WHAT THE TASK ASKS:
Every line of the following records that includes "Prop" should be copied.

(Collected data entries)
Start of Block

(* Let $\mathcal K$ be a variety of WHB-algebras that has a tense companion $\mathcal N$. Then $\mathcal K$ has equationally definable principal congruences if and only if $\mathcal N$ has equationally definable principal congruences.
   Context: A WHB-algebra is an algebra $(A,\wedge,\vee,\to,\leftarrow,0,1)$ such that $(A,\wedge,\vee,0,1)$ is a bounded distributive lattice and for all $a,b,c\in A$: $a\to a=1$; $a\to(b\wedge c)=(a\to b)\wedge(a\to c)$; $(a\vee b)\to c=(a\to c)\wedge(b\to c)$; $(a\to b)\wedge(b\to c)\le a\to c$; $a\leftarrow a=0$; $(a\vee b)\leftarrow c=(a\leftarrow c)\vee(b\leftarrow c)$; $a\leftarrow(b\wedge c)=(a\leftarrow b)\vee(a\leftarrow c)$; $a\leftarrow c\le(a\leftarrow b)\vee(b\leftarrow c)$; $a\wedge((a\to b)\leftarrow 0)\le b$; $a\le b\vee(1\to(a\leftarrow b))$. A tense algebra is $(\mathbf B,G,H)$ with $\mathbf B$ a Boolean algebra and unary $G,H$ such that, with $P(x)=\neg H(\neg x)$, $F(x)=\neg G(\neg x)$: $P(x)\le y\iff x\le G(y)$ and $F(x)\le y\iff x\le H(y)$. $M(\mathbf B,G,H)$ is the WHB-algebra on $B$ with $x\to y=G(\neg x\vee y)$, $x\leftarrow y=P(x\wedge\neg y)$. For a WHB-algebra $\mathbf A$: $X(\mathbf A)$ is its set of prime filters, $\sigma_{\mathbf A}(a)=\{P\colon a\in P\}$, $\tau_{\mathbf A}$ the topology with subbase $\{\sigma_{\mathbf A}(a)\}\cup\{X(\mathbf A)\setminus\sigma_{\mathbf A}(a)\}$; $(P,Q)\in R_{\mathbf A}$ iff for all $a,b$ ($a\to b\in P$, $a\in Q$ imply $b\in Q$); $(P,Q)\in S_{\mathbf A}$ iff for all $a,b$ ($a\in Q$, $b\notin Q$ imply $a\leftarrow b\in P$); $T(\mathbf A)$ is the Boolean algebra of $\tau_{\mathbf A}$-clopen subsets of $X(\mathbf A)$ with $G_{\mathbf A}(U)=\{P\colon R_{\mathbf A}(P)\subseteq U\}$, $H_{\mathbf A}(U)=\{P\colon S_{\mathbf A}(P)\subseteq U\}$. A variety $\mathcal N$ of tense algebras is a tense companion of a variety $\mathcal K$ of WHB-algebras if $T(\mathbf A)\in\mathcal N$ for all $\mathbf A\in\mathcal K$ and $M(\mathbf B)\in\mathcal N$... more precisely $M(\mathbf B)\in\mathcal K$ for all $\mathbf B\in\mathcal N$. A variety $\mathcal V$ has equationally definable principal congruences (EDPC) if there is a finite conjunction of equations $\zeta(x,y,u,v)$ in its language such that for every $\mathbf C\in\mathcal V$ and $a,b,c,d\in C$: $(c,d)$ belongs to the congruence of $\mathbf C$ generated by $(a,b)$ iff $\mathbf C\models\zeta[a,b,c,d]$. *)

From Stdlib Require Import List.
Import ListNotations.
Set Implicit Arguments.

Record WStr := {
  wc :> Type;
  wmeet : wc -> wc -> wc;
  wjoin : wc -> wc -> wc;
  wimp  : wc -> wc -> wc;
  wcoimp : wc -> wc -> wc;
  wzero : wc;
  wone  : wc }.

Definition wle (A : WStr) (a b : A) : Prop := wmeet A a b = a.

Definition isWHB (A : WStr) : Prop :=
  let m := wmeet A in let j := wjoin A in
  let i := wimp A in let ci := wcoimp A in
  let z := wzero A in let o := wone A in
  (forall a b c, m a (m b c) = m (m a b) c) /\
  (forall a b c, j a (j b c) = j (j a b) c) /\
  (forall a b, m a b = m b a) /\
  (forall a b, j a b = j b a) /\
  (forall a b, m a (j a b) = a) /\
  (forall a b, j a (m a b) = a) /\
  (forall a b c, m a (j b c) = j (m a b) (m a c)) /\
  (forall a, j a z = a) /\
  (forall a, m a o = a) /\
  (forall a, i a a = o) /\
  (forall a b c, i a (m b c) = m (i a b) (i a c)) /\
  (forall a b c, i (j a b) c = m (i a c) (i b c)) /\
  (forall a b c, wle A (m (i a b) (i b c)) (i a c)) /\
  (forall a, ci a a = z) /\
  (forall a b c, ci (j a b) c = j (ci a c) (ci b c)) /\
  (forall a b c, ci a (m b c) = j (ci a b) (ci a c)) /\
  (forall a b c, wle A (ci a c) (j (ci a b) (ci b c))) /\
  (forall a b, wle A (m a (ci (i a b) z)) b) /\
  (forall a b, wle A a (j b (i o (ci a b)))).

End of Block

ANSWER BOX:
Definition wle (A : WStr) (a b : A) : Prop := wmeet A a b = a.
Definition isWHB (A : WStr) : Prop :=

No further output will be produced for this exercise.